*** Opening of Records shown ***

Theorem lemma2 (p d : nat) (omega : 'F_p) (zeta : algC) :
  prime p -> (2 < p)%N -> (2 <= d)%N -> (d %| p.-1)%N ->
  (p.-1).-primitive_root omega -> p.-primitive_root zeta ->
  forall nu : nat, (nu < d)%N ->
  let f := fdeg p d in
  let th := theta p d in
  let n := nkn p d omega zeta in
  let c := cyc p d omega in
  let ch := chain p d omega in
  [/\ n 1%N nu + f%:R = p%:R * (th == nu)%:R,
      n 2%N nu + (f ^ 2)%:R = p%:R * (c nu th)%:R,
      n 3%N nu + (f ^ 3)%:R =
        p%:R * (\sum_(i < d) c nu i * c i th)%N%:R
        + f%:R * (th == 0%N)%:R * (n 1%N nu + f%:R),
      n 4%N nu + (f ^ 4)%:R =
        p%:R * (\sum_(i < d) \sum_(j < d) c nu i * c i j * c j th)%N%:R
        + f%:R * (th == 0%N)%:R * (n 2%N nu + (f ^ 2)%:R)
        + f%:R * (c 0%N th)%:R * (n 1%N nu + f%:R)
    & forall k : nat, (5 <= k)%N ->
      n k nu + (f ^ k)%:R =
        p%:R * (ch (k - 2)%N nu th)%:R
        + f%:R * (th == 0%N)%:R * (n (k - 2)%N nu + (f ^ (k - 2)%N)%:R)
        + f%:R * (c 0%N th)%:R * (n (k - 3)%N nu + (f ^ (k - 3)%N)%:R)
        + \sum_(4 <= j < k) f%:R * (ch (j - 3)%N 0%N th)%:R
                               * (n (k - j)%N nu + (f ^ (k - j)%N)%:R)].
Proof.
move=> p_pr p_gt2 d_ge2 d_dvd omega_prim zeta_prim nu lt_nu f th n c ch.
have d_gt0 : (0 < d)%N by apply: ltnW.
have nkfE k : n k nu + (f ^ k)%:R = nkf d omega zeta k nu by [].
have rec k (le2k : (2 <= k)%N) :=
  nkf_chain_rec p_pr d_gt0 d_dvd omega_prim p_gt2 zeta_prim nu le2k.
have w0 := walkc0 p_pr d_gt0 d_dvd omega_prim p_gt2 d_gt0.
have wS := walkcS_chain p_pr d_gt0 d_dvd omega_prim p_gt2.
split.
- by rewrite nkfE (nkf1 p_pr d_gt0 d_dvd omega_prim p_gt2 zeta_prim lt_nu).
- by rewrite nkfE rec // big_geq // mulr0 addr0.
- by rewrite !nkfE rec // big_nat1 w0 mulrA.
- rewrite !nkfE rec // big_ltn // big_nat1 w0 wS mulrDr !mulrA addrA.
  congr (_ * _%:R + _ + _).
  by apply: eq_bigr => i _; rewrite big_distrr /=; apply: eq_bigr => j _; rewrite mulnA.
move=> k le5k; rewrite !nkfE rec ?(leq_trans _ le5k) //.
rewrite big_ltn ?(leq_trans _ le5k) // big_ltn ?(leq_trans _ le5k) //.
rewrite w0 wS !mulrDr !mulrA !addrA; congr (_ + _).
rewrite big_distrr /=; apply: eq_big_nat => j /andP[le4j _]; rewrite (_ : (j - 2 = (j - 3).+1)%N); last by lia.
by rewrite wS mulrA.
Qed.
(* Let $Y$ be a finite connected simple undirected graph and $e=\{v,w\}$ a cycle-edge of $Y$. If $O^1,O^2\in\mathsf{Acyc}(Y)$ are $\kappa$-equivalent and $v\leq_{O^1}w$ and $v\leq_{O^2}w$, then $\mathcal{I}(O^1)=\mathcal{I}(O^2)$; that is, the same vertices lie on directed paths from $v$ to $w$ in $O^1$ and in $O^2$, and the induced subdigraphs of $O^1$ and $O^2$ on this vertex set coincide. Hence $\mathcal{I}^*([O]):=\mathcal{I}(O^1)$ for any $O^1\in[O]$ with $\mathcal{I}(O^1)\neq\varnothing$ is a well-defined map on $\mathsf{Acyc}(Y)/\!\sim_\kappa$.
   Context: A cycle-edge is an edge whose removal does not increase the number of connected components. $\mathsf{Acyc}(Y)$ is the set of acyclic orientations; an acyclic orientation $O$ induces a partial order $\leq_O$ on vertices with $i\leq_O j$ iff there is a directed path from $i$ to $j$. $\mathcal{I}(O)$ is the interval $[v,w]=\{a: v\leq_O a\leq_O w\}$ (with the induced orientation) if $v\leq_O w$, and the empty graph otherwise. A click at a source $x$ reverses all edges incident to $x$; two acyclic orientations are $\kappa$-equivalent if one can be transformed into the other by a finite sequence of clicks; $[O]$ is the $\kappa$-class of $O$. *)

From mathcomp Require Import all_boot.
Set Implicit Arguments. Unset Strict Implicit. Unset Printing Implicit Defensive.

Section Defs.
Variable T : finType.

Definition simple_graph (e : rel T) : Prop := symmetric e /\ irreflexive e.
Definition connected_graph (e : rel T) : Prop := forall x y, connect e x y.

Definition remove_edge (e : rel T) (v w : T) : rel T :=
  [rel a b | e a b && ~~ (((a == v) && (b == w)) || ((a == w) && (b == v)))].

Definition cycle_edge (e : rel T) (v w : T) : Prop :=
  e v w /\ n_comp (remove_edge e v w) predT <= n_comp e predT.

Definition orientation (e : rel T) (O : rel T) : Prop :=
  forall a b, (O a b -> e a b) /\ (e a b -> O a b (+) O b a).

Definition acyclic_orientation (e : rel T) (O : rel T) : Prop :=
  orientation e O /\ forall a b, O a b -> ~~ connect O b a.

Definition leO (O : rel T) (i j : T) : bool := connect O i j.

Definition source (O : rel T) (x : T) : bool := [forall y, ~~ O y x].

Definition click (O : rel T) (x : T) : rel T :=
  [rel a b | if (a == x) || (b == x) then O b a else O a b].

Definition click_step (O O' : rel T) : Prop :=
  exists2 x, source O x & O' =2 click O x.

Inductive click_reach : rel T -> rel T -> Prop :=
  | cr_refl O O' : O =2 O' -> click_reach O O'
  | cr_step O O' O'' : click_step O O' -> click_reach O' O'' -> click_reach O O''.

Definition kappa_equiv (O1 O2 : rel T) : Prop :=
  click_reach O1 O2 \/ click_reach O2 O1.

(* interval I(O) = [v,w]_O with induced orientation, empty if not v <=_O w *)
Definition interval_vertices (O : rel T) (v w : T) : {set T} :=
  if leO O v w then [set a | leO O v a && leO O a w] else set0.

Definition interval_rel (O : rel T) (v w : T) : rel T :=
  [rel a b | (a \in interval_vertices O v w) && (b \in interval_vertices O v w)
             && O a b].

End Defs.

From mathcomp Require Import all_boot.
Set Implicit Arguments. Unset Strict Implicit. Unset Printing Implicit Defensive.

(* Along a closed walk in Y, the number of steps traversed in the direction
   of an orientation is invariant under clicks: clicking a source z turns
   each departure from z into a forward step and each arrival at z into a
   backward one, and on a closed walk departures and arrivals balance.
   Since v ~ w and v <=_O w, the edge is oriented v -> w in both O1 and O2.
   Closing a directed v-w path of O1 by the edge w - v gives a closed walk
   whose only backward step is w -> v, in O1 and hence in O2, so the path
   is directed in O2 as well. Every vertex and every arc of the interval
   lies on such a path, and the situation is symmetric in O1 and O2. *)

Section ForwardArcs.
Variable T : finType.

Fixpoint forward_arcs (O : rel T) (x : T) (s : seq T) : nat :=
  if s is y :: s' then O x y + forward_arcs O y s' else 0.

Fixpoint departures (z x : T) (s : seq T) : nat :=
  if s is y :: s' then (x == z) + departures z y s' else 0.

Lemma eq_forward_arcs (O O' : rel T) x s :
  O =2 O' -> forward_arcs O x s = forward_arcs O' x s.
Proof. by move=> eqO; elim: s x => //= y s IH x; rewrite eqO IH. Qed.

Lemma departures_closed z x s :
  last x s = x -> departures z x s = count_mem z s.
Proof.
have balance : departures z x s + (last x s == z) = (x == z) + count_mem z s.
  by elim: s x => [|y s IH] x /=; rewrite ?addn0 // -addnA IH.
by move=> lx; apply/eqP; rewrite -(eqn_add2l (x == z)) -{1}lx addnC balance.
Qed.

Lemma forward_arcs_le_size (O : rel T) x s : forward_arcs O x s <= size s.
Proof. by elim: s x => //= y s IH x; rewrite -add1n leq_add ?leq_b1. Qed.

Lemma forward_arcs_eq_size (O : rel T) x s :
  (forward_arcs O x s == size s) = path O x s.
Proof.
elim: s x => //= y s IH x; case: (O x y); first by rewrite add1n eqSS IH.
by rewrite add0n /= ltn_eqF // ltnS forward_arcs_le_size.
Qed.

Lemma mem_interval_vertices (O : rel T) v w a :
  leO O v w -> (a \in interval_vertices O v w) = leO O v a && leO O a w.
Proof. by move=> le; rewrite /interval_vertices le inE. Qed.

Lemma interval_transfer (O O' : rel T) v w :
  leO O v w -> leO O' v w ->
  (forall s, path O v s -> last v s = w -> path O' v s) ->
  interval_vertices O v w \subset interval_vertices O' v w /\
  (forall a b, interval_rel O v w a b -> O' a b).
Proof.
move=> le le' transfer; split.
  apply/subsetP=> a; rewrite !mem_interval_vertices //.
  case/andP=> /connectP [p Pp ->] /connectP [q Pq lq].
  have /andP [P'p P'q] : path O' v p && path O' (last v p) q.
    by rewrite -cat_path transfer ?cat_path ?Pp ?last_cat -?lq.
  by apply/andP; split; apply/connectP; [exists p | exists q].
move=> a b /andP [/andP []]; rewrite !mem_interval_vertices //.
case/andP=> /connectP [p Pp ->] _ /andP [_ /connectP [q Pq lq]] Oab.
have : path O' v (p ++ b :: q).
  by rewrite transfer ?cat_path ?Pp /= ?Oab ?Pq ?last_cat -?lq.
by rewrite cat_path => /and3P [].
Qed.

Variable e : rel T.
Hypotheses (e_sym : symmetric e) (e_irr : irreflexive e).

Lemma orientation_click (O : rel T) z :
  orientation e O -> orientation e (click O z).
Proof.
move=> orO a b; rewrite /click /=; split.
  by case: ifP => _ Oab; [rewrite e_sym|]; apply: (orO _ _).1.
by move=> eab; rewrite orbC; case: ifP => _; [rewrite addbC|]; apply: (orO _ _).2.
Qed.

Lemma click_arc_balance (O : rel T) z x y :
  orientation e O -> source O z -> e x y ->
  click O z x y + (x == z) = O x y + (y == z).
Proof.
move=> orO /forallP srcz exy; rewrite /click /=.
have [xz|xNz] := eqVneq x z.
  subst z; have yNx : (y == x) = false by apply: contraTF exy => /eqP ->; rewrite e_irr.
  by rewrite yNx /=; move: ((orO x y).2 exy) (srcz y); case: (O y x); case: (O x y).
have [yz|yNz] := eqVneq y z; last by rewrite !addn0.
by rewrite yz in exy *; move: ((orO x z).2 exy) (srcz x); case: (O x z); case: (O z x).
Qed.

Lemma click_forward_arcs (O : rel T) z x s :
  orientation e O -> source O z -> path e x s ->
  forward_arcs (click O z) x s + departures z x s =
  forward_arcs O x s + count_mem z s.
Proof.
move=> orO srcz; elim: s x => //= y s IH x /andP [exy es].
by rewrite addnACA click_arc_balance // IH // addnACA.
Qed.

Definition closed_walk_invariant (O O' : rel T) : Prop :=
  forall x s, path e x s -> last x s = x -> forward_arcs O' x s = forward_arcs O x s.

Lemma click_reach_invariant (O O' : rel T) :
  click_reach O O' -> orientation e O ->
  orientation e O' /\ closed_walk_invariant O O'.
Proof.
elim=> {O O'} [O O' eqO | O O' O'' [z srcz eqO'] _ IH] orO.
  split=> [a b | x s _ _]; first by rewrite -!eqO.
  by rewrite (eq_forward_arcs _ _ eqO).
have orO' : orientation e O' by move=> a b; rewrite !eqO'; exact: orientation_click.
have [orO'' invO'] := IH orO'; split=> // x s es lx.
rewrite invO'// (eq_forward_arcs _ _ eqO').
apply/eqP; rewrite -(eqn_add2r (count_mem z s)) -{1}(departures_closed z lx).
by rewrite click_forward_arcs.
Qed.

Lemma kappa_equiv_invariant (O1 O2 : rel T) :
  orientation e O1 -> orientation e O2 -> kappa_equiv O1 O2 ->
  closed_walk_invariant O1 O2.
Proof.
move=> or1 or2 [R | R] x s es lx; first by rewrite (click_reach_invariant R or1).2.
by rewrite (click_reach_invariant R or2).2.
Qed.

Lemma arc_of_leO (O : rel T) v w :
  acyclic_orientation e O -> e v w -> leO O v w -> O v w.
Proof.
move=> [orO acO] evw le; move: ((orO v w).2 evw).
by case: (O v w) => //= /acO; rewrite -/(leO O v w) le.
Qed.

Lemma path_invariant (O O' : rel T) v w s :
  orientation e O -> orientation e O' -> O v w -> O' v w ->
  closed_walk_invariant O O' -> path O v s -> last v s = w -> path O' v s.
Proof.
move=> orO orO' Ovw O'vw inv Ps ls.
have evw : e v w := (orO v w).1 Ovw.
have not_wv (Q : rel T) : orientation e Q -> Q v w -> Q w v = false.
  by move=> orQ Qvw; move: ((orQ v w).2 evw); rewrite Qvw; case: (Q w v).
have ews : path e w (v :: s).
  by rewrite /= e_sym evw (sub_path _ Ps) // => a b /(orO a b).1.
move: (inv _ _ ews ls) => /=; rewrite !not_wv // !add0n => eq_fwd.
by rewrite -forward_arcs_eq_size eq_fwd forward_arcs_eq_size.
Qed.

Lemma interval_sub_of_kappa_equiv (O O' : rel T) v w :
  acyclic_orientation e O -> acyclic_orientation e O' -> kappa_equiv O O' ->
  e v w -> leO O v w -> leO O' v w ->
  interval_vertices O v w \subset interval_vertices O' v w /\
  (forall a b, interval_rel O v w a b -> O' a b).
Proof.
move=> acO acO' kOO' evw le le'; apply: interval_transfer => // s.
apply: path_invariant acO.1 acO'.1 (arc_of_leO acO evw le) (arc_of_leO acO' evw le') _.
exact: kappa_equiv_invariant acO.1 acO'.1 kOO'.
Qed.

End ForwardArcs.

Theorem proposition5 (T : finType) (e : rel T) (v w : T) (O1 O2 : rel T) :
  simple_graph e -> connected_graph e -> cycle_edge e v w ->
  acyclic_orientation e O1 -> acyclic_orientation e O2 ->
  kappa_equiv O1 O2 ->
  leO O1 v w -> leO O2 v w ->
  interval_vertices O1 v w = interval_vertices O2 v w /\
  interval_rel O1 v w =2 interval_rel O2 v w.
Proof.
move=> [e_sym e_irr] _ [evw _] ac1 ac2 k12 le1 le2.
have k21 : kappa_equiv O2 O1 by case: k12; [right | left].
have [sub12 arc12] := interval_sub_of_kappa_equiv e_sym e_irr ac1 ac2 k12 evw le1 le2.
have [sub21 arc21] := interval_sub_of_kappa_equiv e_sym e_irr ac2 ac1 k21 evw le2 le1.
have eqV : interval_vertices O1 v w = interval_vertices O2 v w.
  by apply/eqP; rewrite eqEsubset sub12 sub21.
split=> // a b; apply/idP/idP=> Iab.
  by rewrite /interval_rel /= -eqV arc12 // andbT; case/andP: Iab => ->.
by rewrite /interval_rel /= eqV arc21 // andbT; case/andP: Iab => ->.
Qed.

*** Close of Records shown ***

The problem:
Please count the lines in the material above that hold "vertex", and state only the number.

Problem solution:
2